General Pharmacology and Mechanism of Action

Butorphanol is a mixed agonist-antagonist with low intrinsic activity at receptors of the µ-opioid type (morphine-like). It is also an agonist at k-opioid receptors.

Its interactions with these receptors in the central nervous system apparently mediate most of its pharmacologic effects, including analgesia.

In addition to analgesia, CNS effects include depression of spontaneous respiratory activity and cough, stimulation of the emetic center, miosis, and sedation. Effects possibly mediated by non-CNS mechanisms include alteration in cardiovascular resistance and capacitance, bronchomotor tone, gastrointestinal secretory and motor activity, and bladder sphincter activity.

In an animal model, the dose of butorphanol tartrate required to antagonize morphine analgesia by 50% was similar to that for nalorphine, less than that for pentazocine and more than that for naloxone.
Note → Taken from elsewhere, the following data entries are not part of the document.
Lemma jheight_ge_on_step S z b i : max_noetherian A -> jheight_ge_on S z i ->
  exists c, forall e, is_unit e ->
    jheight_ge_on (fun x => S x \/ x = b + e * c * z) z i.+1.
Proof.
move=> noeth high.
have [m [Q [QS domQ inc]]] := minimal_jprimes_over S noeth.
have Qprime k : (k < m)%N -> is_prime_ideal (Q k) by case/QS => -[].
have [c sep] := prime_separation (fun k => Q k b) Qprime inc.
exists c => e e_unit P jP SP nPz.
have [k [k_lt QP]] := domQ P jP (fun x Sx => SP x (or_introl Sx)).
have [jQ SQ] := QS k k_lt.
have nQz : ~ Q k z by move/QP.
apply: (jheight_geS (high _ jQ SQ nQz) jP); split=> //.
exists (b + e * c * z); split; first exact: SP (or_intror erefl).
exact: prime_shift_avoid (Qprime k k_lt) e_unit nQz (sep k k_lt).
Qed.

Lemma gen_ideal_shift (s t : seq A) y x r :
  subsetA (gen_ideal (fun w => w \in y :: s ++ x :: t))
          (gen_ideal (fun w => w \in y :: rcons s (x + r * y) ++ t)).
Proof.
pose G := gen_ideal (fun w => w \in y :: rcons s (x + r * y) ++ t).
have GI : is_ideal G := gen_ideal_ideal _.
have inG w : w \in y :: rcons s (x + r * y) ++ t -> G w by apply: sub_gen_ideal.
apply: (gen_ideal_min (I := G)) => [//| w]; rewrite in_cons mem_cat in_cons.
case/orP=> [w_y | /orP [w_s | /orP [/eqP -> | w_t]]].
- by apply: inG; rewrite in_cons w_y.
- by apply: inG; rewrite in_cons mem_cat mem_rcons in_cons w_s !orbT.
- have -> : x = (x + r * y) + (- r) * y by ring.
  apply: idealD GI (inG _ _) (idealMl (- r) GI (inG y _)).
    by rewrite in_cons mem_cat mem_rcons mem_head orbT.
  by rewrite mem_head.
- by apply: inG; rewrite in_cons mem_cat w_t !orbT.
Qed.

Lemma afsr_game_win d row z rest acc i :
  max_noetherian A -> dimMax_le_sub2 A d -> (i + size rest)%N = d.-1 ->
  subsetA row (gen_ideal (fun x => x \in z :: acc ++ rest)) ->
  jheight_ge_on (fun x => x \in acc) z i -> afsr_game row z rest acc.
Proof.
move=> noeth dim; elim: rest acc i => [|b rest IH] acc i /= size_i row_gen high.
  move=> M Mmax accM; have [MI _ _] := Mmax.
  have acc_M w : w \in acc -> M w by move=> w_acc; apply: accM; apply: sub_gen_ideal.
  case: (classic (M z)) => [Mz | nMz]; last first.
    have [Qc [chain _]] := high M (maximal_ideal_jprime Mmax) acc_M nMz.
    by have := dim Qc i chain; lia.
  apply: (gen_ideal_min MI) => x /row_gen; apply: (gen_ideal_min MI) => w.
  by rewrite in_cons cats0 => /orP [/eqP -> | /acc_M].
have [c step] := jheight_ge_on_step b noeth high.
exists c => e e_unit; apply: (IH _ i.+1); first by rewrite addSn -addnS.
  by move=> x /row_gen; apply: gen_ideal_shift.
move=> P jP accP; apply: (step e e_unit P jP) => x [x_acc | ->]; apply: accP.
  by rewrite mem_rcons in_cons x_acc orbT.
by rewrite mem_rcons mem_head.
Qed.

End JSpectrum.

Theorem lemma2 (A : comPzRingType) (d : nat) :
  max_noetherian A -> dimMax_le_sub2 A d -> AFSR A d.
Proof.
move=> noeth dim bs z size_bs.
apply: (afsr_game_win (acc := [::]) (i := 0%N) noeth dim) => //.
  by move=> x; rewrite mem_rcons; exact: (sub_gen_ideal (S := fun x => x \in z :: bs)).
by move=> P jP _ _; apply: jheight_ge0.
Qed.
(* Let $M=\langle S,A,P,R,s_\iota,\gamma\rangle$ be an MDP, $s^*_1,s^*_2\in S$, let $\mathcal{M}$ be the bisimulation metric RMDP constructed from $M$ and $s^*_1,s^*_2$, and let $d^*$ be the bisimulation metric of $M$ (see context). Then the optimal robust value function of $\mathcal{M}$ coincides with $d^*$, i.e. $\underline{V}^*_{\mathcal{M}}=d^*$, and in particular $\underline{V}^*_{\mathcal{M}}(s^*_1,s^*_2)=d^*(s^*_1,s^*_2)$.
   Context: An MDP $M=\langle S,A,P,R,s_\iota,\gamma\rangle$ has finite states $S$, finite actions $A$, transition function $P\colon S\times A\to\mathcal{D}(S)$, rewards $R\colon S\times A\to\mathbb{R}$, initial state $s_\iota$, discount $\gamma\in(0,1)$. A pseudometric on $S$ is $d\colon S\times S\to[0,\infty)$ with $d(x,x)=0$, symmetry and the triangle inequality; $\mathfrak{M}_S$ is the set of pseudometrics on $S$, ordered pointwise. For distributions $\mu,\nu$ on $S$, the set of couplings $\Lambda_{\mu,\nu}$ consists of $\vec\lambda\in\mathbb{R}_{\ge0}^{S\times S}$ with $\sum_{t'}\vec\lambda(t,t')=\mu(t)$, $\sum_t\vec\lambda(t,t')=\nu(t')$; the Kantorovich distance w.r.t. $d$ is $\mathfrak{D}_K(d)(\mu,\nu)=\min_{\vec\lambda\in\Lambda_{\mu,\nu}}\sum_{t,t'}\vec\lambda(t,t')d(t,t')$. Define $\mathfrak{F}_K\colon\mathfrak{M}_S\to\mathfrak{M}_S$ by $\mathfrak{F}_K(d)(s_1,s_2)=\max_{a\in A}(1-\gamma)|R(s_1,a)-R(s_2,a)|+\gamma\,\mathfrak{D}_K(d)(P(s_1,a),P(s_2,a))$; the bisimulation metric $d^*$ is the least fixed point of $\mathfrak{F}_K$. The bisimulation metric RMDP is $\mathcal{M}=\langle S\times S,A,\mathcal{U},\mathcal{R},\langle s^*_1,s^*_2\rangle,\gamma\rangle$, an $(s,a)$-rectangular RMDP with state space $S\times S$, uncertainty set $\mathcal{U}=\prod_{((s,s'),a)}\mathcal{U}_{((s,s'),a)}$ with $\mathcal{U}_{((s,s'),a)}=\Lambda_{P(s,a),P(s',a)}$ (a coupling is used as the distribution over successor pairs $(t,t')$), and reward $\mathcal{R}(\langle s,s'\rangle,a)=(1-\gamma)|R(s,a)-R(s',a)|$. For such an RMDP, the robust value of a policy $\pi$ from state $q$ is $\underline{V}^\pi(q)=\inf_{\vec u\in\mathcal{U}}\mathbb{E}_{\pi,P_{\vec u}}[\sum_{t\ge0}\gamma^t\mathcal{R}(q_t,a_t)\mid q_0=q]$ and $\underline{V}^*_{\mathcal{M}}(q)=\sup_\pi\underline{V}^\pi(q)$ over all policies. *)

From HB Require Import structures.
From mathcomp Require Import all_boot all_order all_algebra.
From mathcomp Require Import all_classical all_reals all_analysis.
Set Implicit Arguments. Unset Strict Implicit. Unset Printing Implicit Defensive.
Import Order.TTheory GRing.Theory Num.Theory numFieldNormedType.Exports.
Local Open Scope classical_set_scope.
Local Open Scope ring_scope.
Lemma ssum_abs f n : Rabs (ssum f n) <= ssum (fun i => Rabs (f i)) n.
Proof.
  induction n; simpl; [rewrite Rabs_R0; lra|].
  eapply Rle_trans; [apply Rabs_triang|lra].
Qed.

Lemma ssum_le f g n : (forall i, (i < n)%nat -> f i <= g i) -> ssum f n <= ssum g n.
Proof.
  induction n; intro H; simpl; [lra|].
  assert (f n <= g n) by (apply H; lia).
  assert (ssum f n <= ssum g n) by (apply IHn; intros; apply H; lia). lra.
Qed.

Lemma average_dev_bound (a : nat -> R) c b K : (0 < K)%nat ->
  (forall i, (i < K)%nat -> Rabs (a i - c) <= b) -> Rabs (ssum a K / INR K - c) <= b.
Proof.
  intros HK H. assert (HKr : 0 < INR K) by (apply lt_0_INR; lia).
  replace (ssum a K / INR K - c) with (ssum (fun i => a i - c) K / INR K).
  2: { rewrite (ssum_ext _ (fun i => a i + (-1) * c)) by (intros; ring).
       rewrite ssum_plus, ssum_const. field. lra. }
  unfold Rdiv. rewrite Rabs_mult, (Rabs_right (/ INR K)) by (left; now apply Rinv_0_lt_compat).
  apply Rmult_le_reg_r with (INR K); [exact HKr|].
  rewrite Rmult_assoc, Rinv_l, Rmult_1_r by lra.
  eapply Rle_trans; [apply ssum_abs|].
  rewrite Rmult_comm, <- ssum_const. apply ssum_le. exact H.
Qed.

Lemma ssum_if f g i n : (i < n)%nat ->
  ssum (fun c => if Nat.eqb i c then f c else g c) n = ssum g n - g i + f i.
Proof.
  induction n; intro H; [lia|]. simpl.
  destruct (Nat.eq_dec i n) as [->|Hne].
  - rewrite Nat.eqb_refl, (ssum_ext _ g); [lra|].
    intros k Hk. destruct (Nat.eqb_spec n k); [lia|auto].
  - rewrite IHn by lia. destruct (Nat.eqb_spec i n); [lia|lra].
Qed.

Definition indb (b : bool) : R := if b then 1 else 0.

Lemma ssum_indicator_gen (a : nat -> R) j M :
  ssum (fun k => a k * indb (Nat.eqb k j)) M = if Nat.ltb j M then a j else 0.
Proof.
  induction M; simpl; [reflexivity|]. rewrite IHM. unfold indb.
  destruct (Nat.eqb_spec M j) as [->|Hne].
  - rewrite Nat.ltb_irrefl. replace (Nat.ltb j (S j)) with true
      by (symmetry; apply Nat.ltb_lt; lia). ring.
  - destruct (Nat.ltb_spec j M); destruct (Nat.ltb_spec j (S M)); lia || ring.
Qed.

Lemma ssum_indicator (a : nat -> R) M j : (forall k, (M <= k)%nat -> a k = 0) ->
  ssum (fun k => a k * indb (Nat.eqb k j)) M = a j.
Proof.
  intro H. rewrite ssum_indicator_gen.
  destruct (Nat.ltb_spec j M); [reflexivity|]. rewrite H; auto.
Qed.

Definition sumL {A} (f : A -> R) (xs : list A) : R := fold_right Rplus 0 (map f xs).

Lemma sumL_app {A} (f : A -> R) xs ys : sumL f (xs ++ ys) = sumL f xs + sumL f ys.
Proof. induction xs; unfold sumL in *; simpl; [lra|rewrite IHxs; lra]. Qed.

Lemma sumL_flat_map {A B} (f : B -> R) (g : A -> list B) xs :
  sumL f (flat_map g xs) = sumL (fun x => sumL f (g x)) xs.
Proof. induction xs; simpl; [reflexivity|]. rewrite sumL_app, IHxs. reflexivity. Qed.

Lemma sumL_map {A B} (f : B -> R) (g : A -> B) xs :
  sumL f (map g xs) = sumL (fun x => f (g x)) xs.
Proof. unfold sumL. now rewrite map_map. Qed.

Lemma sumL_seq f K : sumL f (seq 0 K) = ssum f K.
Proof.
  induction K; [reflexivity|].
  rewrite seq_S, sumL_app, IHK. unfold sumL; simpl; lra.
Qed.

Lemma sumL_lin {A} (f g : A -> R) a b xs :
  sumL (fun s => a * f s + b * g s) xs = a * sumL f xs + b * sumL g xs.
Proof. induction xs; unfold sumL in *; simpl; [lra|rewrite IHxs; lra]. Qed.

Lemma sumL_ext {A} (f g : A -> R) xs : (forall x, f x = g x) -> sumL f xs = sumL g xs.
Proof. intro H. unfold sumL. f_equal. now apply map_ext. Qed.

Lemma sumL_ssum {A} (a : A -> R) (b : nat -> A -> R) K xs :
  sumL (fun s => a s * ssum (fun i => b i s) K) xs
  = ssum (fun i => sumL (fun s => a s * b i s) xs) K.
Proof.
  induction xs; unfold sumL in *; simpl.
  - induction K; simpl; lra.
  - rewrite IHxs, <- ssum_scal, <- ssum_plus. apply ssum_ext. intros; simpl; lra.
Qed.

Lemma INR_count_seq (P : nat -> bool) K :
  INR (length (filter P (seq 0 K))) = ssum (fun i => indb (P i)) K.
Proof.
  induction K; [reflexivity|].
  rewrite seq_S, filter_app, length_app, plus_INR, IHK. simpl.
  unfold indb. destruct (P K); simpl; lra.
Qed.

Lemma Series_eq u l : infinite_sum u l -> Series u = l.
Proof.
  intro H. unfold Series. apply (uniqueness_sum u); [|exact H].
  apply epsilon_spec. now exists l.
Qed.

Lemma Series_spec u : (exists l, infinite_sum u l) -> infinite_sum u (Series u).
Proof. intro H. unfold Series. now apply epsilon_spec. Qed.

Lemma CV_const c : Un_cv (fun _ => c) c.
Proof.
  intros eps H; exists 0%nat; intros.
  unfold R_dist; rewrite Rminus_diag, Rabs_R0; lra.
Qed.

Lemma isum_ext u v l : (forall n, u n = v n) -> infinite_sum u l -> infinite_sum v l.
Proof.
  intros E H eps Heps. destruct (H eps Heps) as [N HN]. exists N. intros n Hn.
  rewrite <- (sum_eq u v n) by auto. now apply HN.
Qed.

Lemma isum_plus u v l1 l2 : infinite_sum u l1 -> infinite_sum v l2 ->
  infinite_sum (fun n => u n + v n) (l1 + l2).
Proof.
  intros H1 H2 eps Heps. destruct (CV_plus _ _ _ _ H1 H2 eps Heps) as [N HN].
  exists N. intros n Hn. rewrite sum_plus. now apply HN.
Qed.

Lemma isum_minus u v l1 l2 : infinite_sum u l1 -> infinite_sum v l2 ->
  infinite_sum (fun n => u n - v n) (l1 - l2).
Proof.
  intros H1 H2 eps Heps. destruct (CV_minus _ _ _ _ H1 H2 eps Heps) as [N HN].
  exists N. intros n Hn. rewrite minus_sum. now apply HN.
Qed.

Lemma isum_scal u c l : infinite_sum u l -> infinite_sum (fun n => u n * c) (l * c).
Proof.
  intros H eps Heps. destruct (CV_mult _ _ _ _ H (CV_const c) eps Heps) as [N HN].
  exists N. intros n Hn. rewrite <- scal_sum, Rmult_comm. now apply HN.
Qed.

Lemma isum_le u v l1 l2 : (forall n, u n <= v n) ->
  infinite_sum u l1 -> infinite_sum v l2 -> l1 <= l2.
Proof.
  intros E H1 H2. apply (@Rle_cv_lim _ _ _ _ (fun N => sum_Rle u v N (fun n _ => E n)) H1 H2).
Qed.

Definition bounded (a : nat -> R) : Prop := exists M, forall n, Rabs (a n) <= M.

Definition Elaw (q : nat -> R) (a : nat -> R) : R := Series (fun n => q n * a n).

Section LawExpectation.
Variable q : nat -> R.
Hypothesis qpos : forall n, 0 <= q n.
Hypothesis q1 : infinite_sum q 1.

Lemma partial_mass_le1 N : sum_f_R0 q N <= 1.
Proof. exact (sum_incr q N 1 q1 qpos). Qed.

(* Bounded functions are q-summable (comparison with 2M·q after a shift by M). *)
Lemma Elaw_spec a : bounded a -> infinite_sum (fun n => q n * a n) (Elaw q a).
Proof.
  intros [M HM]. apply Series_spec.
  destruct (Rseries_CV_comp (fun n => q n * (a n + M)) (fun n => q n * (2 * M))) as [l Hl].
  { intro n. pose proof (Rabs_le_bounds _ _ (HM n)). pose proof (qpos n). split; nra. }
  { exists (1 * (2 * M)). now apply isum_scal. }
  exists (l - 1 * M).
  apply (isum_ext (fun n => q n * (a n + M) - q n * M)); [intro; ring|].
  apply isum_minus; [exact Hl|]. now apply isum_scal.
Qed.

Lemma bounded_const c : bounded (fun _ => c).
Proof. exists (Rabs c); intro; lra. Qed.

Lemma bounded_scal a c : bounded a -> bounded (fun n => c * a n).
Proof.
  intros [M HM]; exists (Rabs c * M); intro n. rewrite Rabs_mult.
  apply Rmult_le_compat_l; [apply Rabs_pos|apply HM].
Qed.

Lemma Elaw_plus a b : bounded a -> bounded b ->
  Elaw q (fun n => a n + b n) = Elaw q a + Elaw q b.
Proof.
  intros Ha Hb. apply Series_eq.
  apply (isum_ext (fun n => q n * a n + q n * b n)); [intro; ring|].
  apply isum_plus; now apply Elaw_spec.
Qed.

Lemma Elaw_minus a b : bounded a -> bounded b ->
  Elaw q (fun n => a n - b n) = Elaw q a - Elaw q b.
Proof.
  intros Ha Hb. apply Series_eq.
  apply (isum_ext (fun n => q n * a n - q n * b n)); [intro; ring|].
  apply isum_minus; now apply Elaw_spec.
Qed.

Lemma Elaw_scal a c : bounded a -> Elaw q (fun n => c * a n) = c * Elaw q a.
Proof.
  intros Ha. apply Series_eq.
  apply (isum_ext (fun n => q n * a n * c)); [intro; ring|].
  rewrite Rmult_comm. apply isum_scal; now apply Elaw_spec.
Qed.

Lemma Elaw_const c : Elaw q (fun _ => c) = c.
Proof. apply Series_eq. pose proof (isum_scal q c 1 q1) as H. now rewrite Rmult_1_l in H. Qed.

Lemma Elaw_le a b : bounded a -> bounded b ->
  (forall n, 0 < q n -> a n <= b n) -> Elaw q a <= Elaw q b.
Proof.
  intros Ha Hb H. apply (isum_le (fun n => q n * a n) (fun n => q n * b n));
    [|now apply Elaw_spec..].
  intro n. destruct (qpos n) as [Hq|Hq]; [specialize (H n Hq); nra|rewrite <- Hq; lra].
Qed.

Lemma Elaw_ext a b : (forall n, 0 < q n -> a n = b n) -> Elaw q a = Elaw q b.
Proof.
  intro H. unfold Elaw. f_equal. apply functional_extensionality. intro n.
  destruct (qpos n) as [Hq|Hq]; [now rewrite H|rewrite <- Hq; ring].
Qed.

Lemma Elaw_abs a c : (forall n, Rabs (a n) <= c) -> Rabs (Elaw q a) <= c.
Proof.
  intro H. assert (Ha : bounded a) by now exists c.
  apply Rabs_le. split.
  - rewrite <- (Elaw_const (-c)). apply Elaw_le; auto using bounded_const.
    intros n _. pose proof (Rabs_le_bounds _ _ (H n)). lra.
  - rewrite <- (Elaw_const c). apply Elaw_le; auto using bounded_const.
    intros n _. pose proof (Rabs_le_bounds _ _ (H n)). lra.
Qed.

Lemma Elaw_tail a M N : (forall k, Rabs (a k) <= M) ->
  Rabs (Elaw q a - sum_f_R0 (fun k => q k * a k) N) <= M * (1 - sum_f_R0 q N).
Proof.
  intro H.
  assert (Hs : infinite_sum (fun n => q n * a n) (Elaw q a)) by (apply Elaw_spec; now exists M).
  assert (HM : infinite_sum (fun k => q k * M) (1 * M)) by now apply isum_scal.
  pose proof (sum_maj1 (fun k _ => q k * a k) _ 0 _ _ N Hs HM) as Hmaj.
  rewrite <- scal_sum, Rmult_1_l in Hmaj. unfold SP in Hmaj.
  rewrite Rmult_minus_distr_l, Rmult_1_r. apply Hmaj.
  intro k. rewrite Rabs_mult, Rabs_right by (apply Rle_ge, qpos).
  apply Rmult_le_compat_l; auto.
Qed.

Lemma partial_sum_abs b M N : (forall n, Rabs (b n) <= M) ->
  Rabs (sum_f_R0 (fun n => q n * b n) N) <= M.
Proof.
  intro H. assert (HM : 0 <= M) by (pose proof (Rabs_pos (b 0%nat)); pose proof (H 0%nat); lra).
  eapply Rle_trans; [apply sum_f_R0_triangle|].
  apply Rle_trans with (sum_f_R0 (fun n => q n * M) N).
  - apply sum_Rle. intros n _. rewrite Rabs_mult, Rabs_right by (apply Rle_ge, qpos).
    apply Rmult_le_compat_l; auto.
  - rewrite <- scal_sum. pose proof (partial_mass_le1 N). nra.
Qed.

Lemma Elaw_partial_sum (h : nat -> nat -> R) M N : (forall m n, Rabs (h m n) <= M) ->
  Elaw q (fun m => sum_f_R0 (fun n => q n * h m n) N)
  = sum_f_R0 (fun n => q n * Elaw q (fun m => h m n)) N.
Proof.
  intro H. assert (Hb : forall n, bounded (fun m => h m n)) by (intro n; exists M; auto).
  induction N; simpl.
  - now apply Elaw_scal.
  - rewrite Elaw_plus, IHN, Elaw_scal; auto using bounded_scal.
    exists M; intro; now apply partial_sum_abs.
Qed.
Let sAG : A \subset G. Proof. by rewrite -defG mulG_subl. Qed.
Let sBG : B \subset G. Proof. by rewrite -defG mulG_subr. Qed.
Let nAG : G \subset 'N(A). Proof. exact: normal_norm nsAG. Qed.
Let abA : abelian A. Proof. exact: cyclic_abelian. Qed.
Let abB : abelian B. Proof. exact: cyclic_abelian. Qed.

Lemma sub_cyclic_normal (H : {group gT}) : H \subset A -> H <| G.
Proof. by move=> sHA; apply: char_normal_trans nsAG; rewrite sub_cyclic_char. Qed.

Lemma pcore_normal_cyclic mu : 'O_mu(A) <| G.
Proof. exact/sub_cyclic_normal/pcore_sub. Qed.

Lemma der1_sub_cyclic : G^`(1) \subset A.
Proof. by rewrite der1_min // -defG quotientMidl quotient_abelian. Qed.

Lemma mem_center_cyclic z : z \in A -> (forall b, b \in B -> commute z b) -> z \in 'Z(G).
Proof.
move=> Az cBz; apply/centerP; split; first exact: subsetP sAG z Az.
move=> g; rewrite -defG => /imset2P[x y Ax By ->].
by apply: commuteM; [apply: (centsP abA) | apply: cBz].
Qed.

Lemma cap_factors_sub_center : A :&: B \subset 'Z(G).
Proof.
apply/subsetP => z /setIP[Az Bz]; apply: mem_center_cyclic => // b Bb.
exact: (centsP abB).
Qed.

Definition hallAB mu := 'O_mu(A) * 'O_mu(B).

Lemma hallAB_group_set mu : group_set (hallAB mu).
Proof.
apply/comm_group_setP/esym/normC.
rewrite (subset_trans _ (normal_norm (pcore_normal_cyclic mu))) //.
exact: subset_trans (pcore_sub _ _) sBG.
Qed.

Canonical hallAB_group mu := Group (hallAB_group_set mu).

Lemma hallAB_Hall mu : mu.-Hall(G) (hallAB mu).
Proof.
rewrite pHallE -defG mulgSS ?pcore_sub //=.
have /eqP := mul_cardG 'O_mu(A) 'O_mu(B).
rewrite pcoreI_abelian // !card_abelian_pcore ?(abelianS (subsetIl A B)) // => /eqP eH.
have := mul_cardG A B; rewrite defG => /(congr1 (partn^~ mu)).
by rewrite !partnM ?cardG_gt0 // => /eqP; rewrite eH eqn_pmul2r ?part_gt0.
Qed.

Lemma card_hallAB mu : #|hallAB mu| = (#|G|`_mu)%N.
Proof. exact: card_Hall (hallAB_Hall mu). Qed.

Definition noncentral_of_order (X : {set gT}) p :=
  exists x, x \in X :\: 'Z(G) /\ #[x] = p.

Lemma noncentral_der1P p : prime p ->
  noncentral_of_order G^`(1) p <-> noncentral_of_order A p.
Proof.
move=> pr_p; split=> [[x [/setDP[Dx nZx] ox]] | [x [/setDP[Ax nZx] ox]]].
  by exists x; rewrite inE nZx (subsetP der1_sub_cyclic).
exists x; split=> //; rewrite inE nZx /=.
have nsXG : <[x]> <| G by rewrite sub_cyclic_normal ?cycle_subG.
have ncXG : ~~ (<[x]> \subset 'Z(G)) by rewrite cycle_subG.
by rewrite -cycle_subG normal_prime_sub_der1 // -orderE ox.
Qed.

Lemma noncentral_pi' p : prime p -> noncentral_of_order A p -> p \in piG' G.
Proof.
move=> pr_p [x [/setDP[Ax nZx] ox]]; have Gx := subsetP sAG x Ax.
rewrite inE /= pr_p -ox order_dvdG //=; apply: contra nZx.
rewrite inE /= => /and3P[_ _ /existsP[H /andP[hallH nsHG]]].
have nsXG : <[x]> <| G by rewrite sub_cyclic_normal ?cycle_subG.
by rewrite -cycle_subG (normal_prime_sub_center nsXG _ hallH) // -orderE ox.
Qed.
The pharmacological activity of butorphanol metabolites has not been studied in humans; in animal studies, butorphanol metabolites have demonstrated some analgesic activity.

In human studies of butorphanol (see Clinical Trials), sedation is commonly noted at doses of 0.5 mg or more. Narcosis is produced by 10-12 mg doses of butorphanol administered over 10-15 minutes intravenously.

Butorphanol, like other mixed agonist-antagonists with a high affinity for the k-receptor, may produce unpleasant psychotomimetic effects in some individuals.

Nausea and/or vomiting may be produced by doses of 1 mg or more administered by any route.

In human studies involving individuals without significant respiratory dysfunction, 2 mg of butorphanol IV and 10 mg of morphine sulfate IV depressed respiration to a comparable degree. At higher doses, the magnitude of respiratory depression with butorphanol is not appreciably increased; however, the duration of respiratory depression is longer. Respiratory depression noted after administration of butorphanol to humans by any route is reversed by treatment with naloxone, a specific opioid antagonist (see OVERDOSAGE: Treatment).

Butorphanol tartrate demonstrates antitussive effects in animals at doses less than those required for analgesia.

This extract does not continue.